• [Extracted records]
(* Let $N\in\mathbb{N}$ and let $Q_N$ be a probability distribution on $\mathbb{N}\cup\{\infty\}$ with probability generating function $\varphi_{Q_N}(x)=\sum_{k\ge1}x^kQ_N(\{k\})$. In the Wright–Fisher graph with selection $Q_N$ described in the context, the type-0 allele frequency process $(X^N_g)_{g\in\mathbb{N}}$ is a time-homogeneous Markov chain on $\{0,1/N,\dots,(N-1)/N,1\}$ with transition probabilities $$\mathbb{P}\big(X^N_g=m/N\mid X^N_{g-1}=x\big)=\binom{N}{m}\varphi_{Q_N}(x)^m\big(1-\varphi_{Q_N}(x)\big)^{N-m},\qquad m=0,1,\dots,N,$$ for every $x\in\{0,1/N,\dots,1\}$.
   Context: Wright–Fisher graph with selection $Q_N$: generations are indexed by $g\in\mathbb{Z}$, each consisting of $N$ individuals labelled $1,\dots,N$; write $v=(g,i)$. Each individual $v$ independently draws a number $K_v$ with law $Q_N$ (the $K_v$ are i.i.d.), and, given $K_v=k$, chooses $k$ labels $L_{(v,1)},\dots,L_{(v,k)}$ independently and uniformly at random from $\{1,\dots,N\}$ (with replacement, all choices independent across individuals and of the $K$'s); the individuals $(g-1,L_{(v,j)})$ are the potential parents of $v$. Types lie in $\{0,1\}$: the individuals of generation $0$ are assigned types arbitrarily, and for every $g\ge1$ an individual of generation $g$ has type $0$ if and only if all of its potential parents have type $0$ (otherwise type $1$). $X^N_g$ denotes the fraction of type-$0$ individuals in generation $g$. *)

From HB Require Import structures.
From mathcomp Require Import all_boot all_order all_algebra.
From mathcomp Require Import all_classical all_reals all_analysis.
Set Implicit Arguments. Unset Strict Implicit. Unset Printing Implicit Defensive.
Import Order.TTheory GRing.Theory Num.Theory.
Local Open Scope classical_set_scope.
Local Open Scope ring_scope.

(* Values of K_v live in N ∪ {∞}, encoded as [option nat]:
   [Some k] = the finite value k, [None] = ∞. *)

(* Probability generating function
     phi_Q(x) = sum_{k>=1} x^k Q({k})  (+ x^∞ Q({∞}) with x^∞ := lim_k x^k,
   i.e. x^∞ = 1 if x = 1 and 0 for 0 <= x < 1). *)
Definition pgf (R : realType) (Q : option nat -> R) (x : R) : R :=
  \big[+%R/0%R]_(1 <= k <oo) (x ^+ k * Q (Some k))
  + (if x == 1 then Q None else 0).

(* Type of individual (g, i): [true] iff type 0.
   Generation 0 has the arbitrary types [init];
   K g i w    = number K_(g,i) of potential parents of individual (g,i);
   L g i j w  = label L_((g,i),j) of its j-th potential parent (in generation g-1);
   only the first K_(g,i) labels are used (all of them if K_(g,i) = ∞). *)
Fixpoint type0 (N : nat) (T : Type) (init : 'I_N -> bool)
  (K : nat -> 'I_N -> T -> option nat) (L : nat -> 'I_N -> nat -> T -> 'I_N)
  (g : nat) (i : 'I_N) (w : T) {struct g} : bool :=
  match g with
  | 0 => init i
  | g'.+1 =>
      match K g i w with
      | Some k => [forall j : 'I_k, type0 init K L g' (L g i j w) w]
      | None => `[< forall j : nat, type0 init K L g' (L g i j w) w >]
      end
  end.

• [What to produce]
Could you return exactly the stretch of the data above that starts at the line with "From mathcomp Require Import all_boot" and ends at the line with "Import Order.TTheory GRing.Theory Num.Theory.", both lines included?

• [Solution to this task]
From mathcomp Require Import all_boot all_order all_algebra.
From mathcomp Require Import all_classical all_reals all_analysis.
Set Implicit Arguments. Unset Strict Implicit. Unset Printing Implicit Defensive.
Import Order.TTheory GRing.Theory Num.Theory.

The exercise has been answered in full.